Even with huge out-of-order exec capabilities, it introduces quite a lot more speculation, or a larger time-window for speculation, where the CPU might need to nuke the pipeline (discard the ROB). With a large ROB / out-of-order state, that's a lot of work potentially lost. In parallel code that accesses shared memory, this could be bad. (Including false sharing, where two variables happen to be in the same cache line). Penalties for this are already quite substantial and happen even with just loads on current x86 CPUs. (And aren't great even on other ISAs where load ordering isn't required, but the cache-line ping-pong is still a problem).
And cache-miss stores couldn't be hidden as effectively. If your code isn't doing many stores, one that misses in cache can sit in the store buffer for the hundreds of cycles of latency it might take to get the line from DRAM. (Or to get exclusive ownership via a read-for-ownership if the line was dirty in another core, and other cores are contending to read or write it.) If there aren't a lot of stores in the code being executed, it could potentially get hundreds of instructions ahead of the store before the store commits, including multiple loads that come and go. But if all those later loads couldn't retire from the ROB until stores commit, it would stop new potentially-independent instructions from entering the out-of-order back-end and being scheduled to execution units during this delay.

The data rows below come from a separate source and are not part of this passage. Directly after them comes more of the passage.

(* Let $G$ be a finite, simple, connected graph of order $n\ge 3$. Then $res_{wt}(G)=n$ if and only if $G$ contains a twin (i.e. some vertex of $G$ is a twin).
   Context: $d(x,y)$ is the shortest-path distance and $N(x)$ the set of neighbors of $x$. A set $W\subseteq V(G)$ is a resolving set if for every two distinct vertices $y,z$ there is $x\in W$ with $d(y,x)\ne d(z,x)$. A set $W$ is a weak total resolving set (WTR-set) if $W$ is resolving and, for every $w\in W$ and every $x\in V(G)\setminus W$, there is $w'\in W\setminus\{w\}$ with $d(x,w')\ne d(w,w')$. The weak total resolving number $res_{wt}(G)$ is the minimum positive integer $r$ such that every set of $r$ vertices of $G$ is a WTR-set for $G$. Two distinct vertices $u,v$ are twins if $N(u)\setminus\{v\}=N(v)\setminus\{u\}$; a vertex $u$ is a twin if there exists $v\ne u$ such that $u,v$ are twins. *)

From mathcomp Require Import all_boot.
Set Implicit Arguments. Unset Strict Implicit. Unset Printing Implicit Defensive.

Section Graph.
Variables (T : finType) (e : rel T).

Definition walk_len (k : nat) (x y : T) : bool :=
  [exists p : k.-tuple T, path e x p && (last x p == y)].

(* shortest-path distance d(x,y): least k with a walk of length k from x to y
   (a shortest walk is a path of length < #|T|); in a connected graph this
   is always found.  Unreachable pairs get #|T| (irrelevant here). *)
Definition dist (x y : T) : nat :=
  find (fun k => walk_len k x y) (iota 0 #|T|).

Definition nbhd (x : T) : {set T} := [set y | e x y].

Definition connected_graph : Prop := forall x y : T, connect e x y.

Definition resolving (W : {set T}) : bool :=
  [forall y, forall z, (y != z) ==> [exists x in W, dist y x != dist z x]].

Definition wtr_set (W : {set T}) : bool :=
  resolving W &&
  [forall w in W, forall x in ~: W,
     [exists w' in W :\ w, dist x w' != dist w w']].

Definition res_wt_ok (r : nat) : bool :=
  (0 < r) && [forall W : {set T}, (#|W| == r) ==> wtr_set W].

Lemma res_wt_ok_ex : exists r, res_wt_ok r.
Proof.
exists #|T|.+1; rewrite /res_wt_ok /=; apply/forallP => W; apply/implyP.
by move/eqP=> HW; have := max_card W; rewrite HW ltnn.
Qed.

Definition res_wt : nat := ex_minn res_wt_ok_ex.

Definition twins (u v : T) : bool :=
  (u != v) && (nbhd u :\ v == nbhd v :\ u).

Definition is_twin (u : T) : bool := [exists v, twins u v].

End Graph.

(* The full vertex set is always a WTR-set, so res_wt <= n.  Twins u, v have
   the same distance to every other vertex, hence no set avoiding both is
   resolving, and the weak total condition fails for w = v, x = u in the set
   V \ {u}; thus no r < n works.  Conversely, if V \ {a} fails the weak total
   condition at some w, then a and w have the same distance to every other
   vertex, in particular the same neighbours, so they are twins; without
   twins every (n-1)-set is a WTR-set. *)
From mathcomp Require Import all_boot zify.
Set Implicit Arguments. Unset Strict Implicit. Unset Printing Implicit Defensive.

Section Distance.
Variables (T : finType) (e : rel T).

Lemma walk_lenP k x y :
  reflect (exists p : seq T, [/\ size p = k, path e x p & last x p = y])
          (walk_len e k x y).
Proof.
apply: (iffP existsP) => [[p /andP[walk_p /eqP last_p]]|[p [size_p walk_p last_p]]].
  by exists p; split => //; rewrite size_tuple.
have size_pk : size p == k by rewrite size_p.
by exists (Tuple size_pk) => /=; rewrite walk_p last_p eqxx.
Qed.

Lemma walk_len0 x y : walk_len e 0 x y = (x == y).
Proof. by apply/walk_lenP/eqP => [[[|a p] [_ _ <-]]|->] //; exists [::]. Qed.

Lemma walk_len1 x y : walk_len e 1 x y = e x y.
Proof.
apply/walk_lenP/idP => [[[|a [|b p]] [//= _]]|exy].
  by rewrite andbT => ea <-.
by exists [:: y]; rewrite /= exy.
Qed.

Lemma dist_le_card x y : dist e x y <= #|T|.
Proof. by rewrite /dist -[X in _ <= X](size_iota 0) find_size. Qed.

Lemma dist_walk x y : dist e x y < #|T| -> walk_len e (dist e x y) x y.
Proof.
move=> lt_d; have has_walk : has (fun k => walk_len e k x y) (iota 0 #|T|).
  by rewrite has_find size_iota.
by have := nth_find 0 has_walk; rewrite nth_iota.
Qed.

Lemma dist_min k x y : k < #|T| -> walk_len e k x y -> dist e x y <= k.
Proof.
move=> lt_k wk; rewrite leqNgt; apply/negP => /(before_find 0).
by rewrite nth_iota // wk.
Qed.

Lemma dist_eq0 x y : 0 < #|T| -> (dist e x y == 0) = (x == y).
Proof. by rewrite /dist; case: #|T| => //= m _; rewrite walk_len0; case: (x == y). Qed.

Lemma dist_eq1 x y : irreflexive e -> 1 < #|T| -> (dist e x y == 1) = e x y.
Proof.
move=> irr; rewrite /dist; case: #|T| => [|[|m]] //= _.
rewrite walk_len0 walk_len1; have [->|_] := eqVneq x y; first by rewrite irr.
by case: (e x y).
Qed.

Lemma dist_self_neq y z : y != z -> dist e y y != dist e z y.
Proof.
have n_gt0 : 0 < #|T| by apply/card_gt0P; exists y.
move=> neq_yz; apply: contra neq_yz => /eqP dyz.
by rewrite eq_sym -(dist_eq0 z y) // -dyz dist_eq0.
Qed.

(* A walk from u starting with the edge uv shortens to a walk from v;
   any other walk from u can start from v instead. *)
Lemma walk_len_shift u v k x :
    (forall y, y != v -> e u y -> e v y) -> x != u -> walk_len e k u x ->
  exists2 j, j <= k & walk_len e j v x.
Proof.
move=> Nuv neq_xu /walk_lenP[p [<- walk_p last_p]]; move: neq_xu.
rewrite -last_p; case: p walk_p {last_p} => [|a p] /=; first by rewrite eqxx.
case/andP=> e_ua walk_p _; have [eq_av|neq_av] := eqVneq a v.
  by exists (size p) => //; apply/walk_lenP; exists p; rewrite -eq_av.
by exists (size p).+1 => //; apply/walk_lenP; exists (a :: p); rewrite /= Nuv.
Qed.

Lemma dist_shift_le u v x :
  (forall y, y != v -> e u y -> e v y) -> x != u -> dist e v x <= dist e u x.
Proof.
move=> Nuv neq_xu; have [lt_d|ge_d] := ltnP (dist e u x) #|T|.
  have [j le_j wj] := walk_len_shift Nuv neq_xu (dist_walk lt_d).
  exact: leq_trans (dist_min (leq_ltn_trans le_j lt_d) wj) le_j.
exact: leq_trans (dist_le_card v x) ge_d.
Qed.

Lemma twins_sym u v : twins e u v -> twins e v u.
Proof. by case/andP => neq_uv /eqP N_uv; rewrite /twins N_uv eqxx andbT eq_sym. Qed.

Lemma twins_nbhd u v : twins e u v -> forall y, y != v -> e u y -> e v y.
Proof.
case/andP => _ /eqP N_uv y neq_yv e_uy.
have : y \in nbhd e u :\ v by rewrite !inE neq_yv e_uy.
by rewrite N_uv !inE => /andP[].
Qed.

Lemma twins_dist u v x :
  twins e u v -> x != u -> x != v -> dist e u x = dist e v x.
Proof.
move=> tw_uv neq_xu neq_xv; apply/eqP; rewrite eqn_leq.
by rewrite !dist_shift_le //; apply: twins_nbhd => //; apply: twins_sym.
Qed.

Lemma twins_of_dist u v :
    irreflexive e -> 1 < #|T| -> u != v ->
    (forall y, y != u -> y != v -> dist e u y = dist e v y) ->
  twins e u v.
Proof.
move=> irr n_gt1 neq_uv duv; rewrite /twins neq_uv; apply/eqP/setP => y.
rewrite !inE; have [->|neq_yu] := eqVneq y u; first by rewrite irr andbF.
have [->|neq_yv] := eqVneq y v; first by rewrite irr andbF.
by rewrite -!dist_eq1 // duv.
Qed.

End Distance.

Section WeakTotalResolving.
Variables (T : finType) (e : rel T).

Lemma resolving_cardC W : #|~: W| <= 1 -> resolving e W.
Proof.
move=> cardC; apply/forallP => y; apply/forallP => z; apply/implyP => neq_yz.
have [Wy|W'y] := boolP (y \in W).
  by apply/existsP; exists y; rewrite Wy dist_self_neq.
have Wz : z \in W.
  apply: contraTT cardC => W'z; rewrite -ltnNge; apply/card_gt1P.
  by exists y, z; rewrite !inE W'y W'z.
by apply/existsP; exists z; rewrite Wz eq_sym dist_self_neq // eq_sym.
Qed.

Lemma wtr_setT : wtr_set e [set: T].
Proof.
rewrite /wtr_set resolving_cardC ?setCT ?cards0 //=.
by apply/forall_inP => w _; apply/forall_inP => x; rewrite !inE.
Qed.

Lemma twins_not_resolving u v (W : {set T}) :
  twins e u v -> u \notin W -> v \notin W -> ~~ resolving e W.
Proof.
move=> tw_uv W'u W'v; apply/negP => /forallP/(_ u)/forallP/(_ v).
case/andP: (tw_uv) => -> _ /= /exists_inP[x Wx].
have neq_xu : x != u by apply: contraNneq W'u => <-.
have neq_xv : x != v by apply: contraNneq W'v => <-.
by rewrite (twins_dist tw_uv) // eqxx.
Qed.

Lemma twins_not_wtr_setC1 u v : twins e u v -> ~~ wtr_set e [set~ u].
Proof.
move=> tw_uv; case/andP: (tw_uv) => neq_uv _.
apply/negP => /andP[_ /forall_inP/(_ v)]; rewrite !inE eq_sym neq_uv.
move=> /(_ isT)/forall_inP/(_ u); rewrite !inE eqxx => /(_ isT).
case/exists_inP => w; rewrite !inE => /andP[neq_wv neq_wu].
by rewrite (twins_dist tw_uv) ?eqxx.
Qed.

Lemma wtr_setC1 a :
  irreflexive e -> 1 < #|T| -> ~~ is_twin e a -> wtr_set e [set~ a].
Proof.
move=> irr n_gt1 notwin; rewrite /wtr_set resolving_cardC ?setCK ?cards1 //=.
apply/forall_inP => w; rewrite !inE => neq_wa; apply/forall_inP => x.
rewrite inE => /eqP->; apply: contraNT notwin.
rewrite negb_exists_in => /forall_inP d_aw; apply/existsP; exists w.
apply: twins_of_dist; rewrite // 1?eq_sym // => y neq_ya neq_yw.
by apply/eqP; rewrite -[_ == _]negbK d_aw // !inE neq_yw neq_ya.
Qed.

Lemma res_wt_okP : res_wt_ok e (res_wt e).
Proof. by rewrite /res_wt; case: ex_minnP. Qed.

Lemma res_wt_min r : res_wt_ok e r -> res_wt e <= r.
Proof. by rewrite /res_wt; case: ex_minnP => m _; apply. Qed.

Lemma res_wt_ok_card : 0 < #|T| -> res_wt_ok e #|T|.
Proof.
move=> n_gt0; rewrite /res_wt_ok n_gt0; apply/forall_inP => W /eqP cardW.
suff -> : W = [set: T] by apply: wtr_setT.
by apply/eqP; rewrite eqEcard subsetT cardsT cardW leqnn.
Qed.

Lemma res_wt_ok_pred_card :
  irreflexive e -> 1 < #|T| -> ~~ [exists a, is_twin e a] -> res_wt_ok e #|T|.-1.
Proof.
move=> irr n_gt1 notwin; rewrite /res_wt_ok -ltnS prednK ?n_gt1 ?(ltnW n_gt1) //.
apply/forall_inP => W /eqP cardW.
have /cards1P[a W'a] : #|~: W| == 1.
  by move: (cardsC W); rewrite cardW; lia.
rewrite -[W]setCK W'a wtr_setC1 //.
by apply: contra notwin => twa; apply/existsP; exists a.
Qed.

Lemma twins_not_res_wt_ok u v r :
  twins e u v -> r < #|T| -> ~~ res_wt_ok e r.
Proof.
move=> tw_uv lt_r; rewrite /res_wt_ok negb_and -leqNgt leqn0 negb_forall.
case: (eqVneq r 0) => [//|nz_r]; apply/orP; right.
case/andP: (tw_uv) => neq_uv _.
have [eq_r|neq_r] := eqVneq r #|T|.-1.
  apply/existsP; exists [set~ u]; rewrite negb_imply cardsC1 eq_r eqxx.
  exact: twins_not_wtr_setC1 tw_uv.
have : r <= #|~: [set u; v]| by rewrite cardsCs setCK cards2 neq_uv; lia.
case/card_geqP => s [uniq_s size_s sub_s]; apply/existsP; exists [set x in s].
rewrite negb_imply cardsE (card_uniqP uniq_s) size_s eqxx /wtr_set negb_and.
apply/orP; left; apply: (twins_not_resolving tw_uv); rewrite inE.
  by apply/negP => /sub_s; rewrite !inE eqxx.
by apply/negP => /sub_s; rewrite !inE eqxx orbT.
Qed.

End WeakTotalResolving.

Theorem theorem5 (T : finType) (e : rel T) :
  symmetric e -> irreflexive e -> connected_graph e -> 3 <= #|T| ->
  (res_wt e = #|T| <-> exists u : T, is_twin e u).
Proof.
move=> _ irr _ n_ge3; have n_gt1 : 1 < #|T| by apply: ltnW.
have le_res_n := res_wt_min (res_wt_ok_card e (ltnW n_gt1)).
split => [eq_res_n|[u /existsP[v tw_uv]]].
  apply/existsP; apply: contraT => notwin.
  have := res_wt_min (res_wt_ok_pred_card irr n_gt1 notwin).
  by rewrite eq_res_n; lia.
apply/eqP; rewrite eqn_leq le_res_n leqNgt; apply: contraL (res_wt_okP e).
exact: twins_not_res_wt_ok tw_uv.
Qed.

(Most code does quite a bit of storing, though, and a store buffer would quickly fill up. Except on weakly-ordered ISAs that allow StoreStore reordering, so on cache-miss store doesn't bottleneck later stores that hit in cache.)
(I rewrote the above section after realizing that x86 CPUs do speculatively load early, and could apply that to a hypothetical StoreLoad rule as well as x86's actual LoadLoad ordering rule. (Program order + a store buffer with store-forwarding). Some of this section may now be redundant with that.)
How actual CPUs work (when StoreLoad reordering is allowed):
I included some links as part of a brief intro to computer architecture in the early part of my answer on Deoptimizing a program for the pipeline in Intel Sandybridge-family CPUs. That might be helpful, or more confusing, if you're finding this hard to follow.
CPUs avoid WAR and WAW pipeline hazards for stores by buffering them in a store queue until store instructions are ready to retire. Loads from the same core have to check the store queue (to preserve the appearance of in-order execution for a single thread, otherwise you'd need memory-barrier instructions before loading anything that might have been stored recently!). The store queue is invisible to other threads; stores only become globally visible when the store instruction retires, but loads become globally visible as soon as they execute. (And can use values prefetched into the cache well ahead of that).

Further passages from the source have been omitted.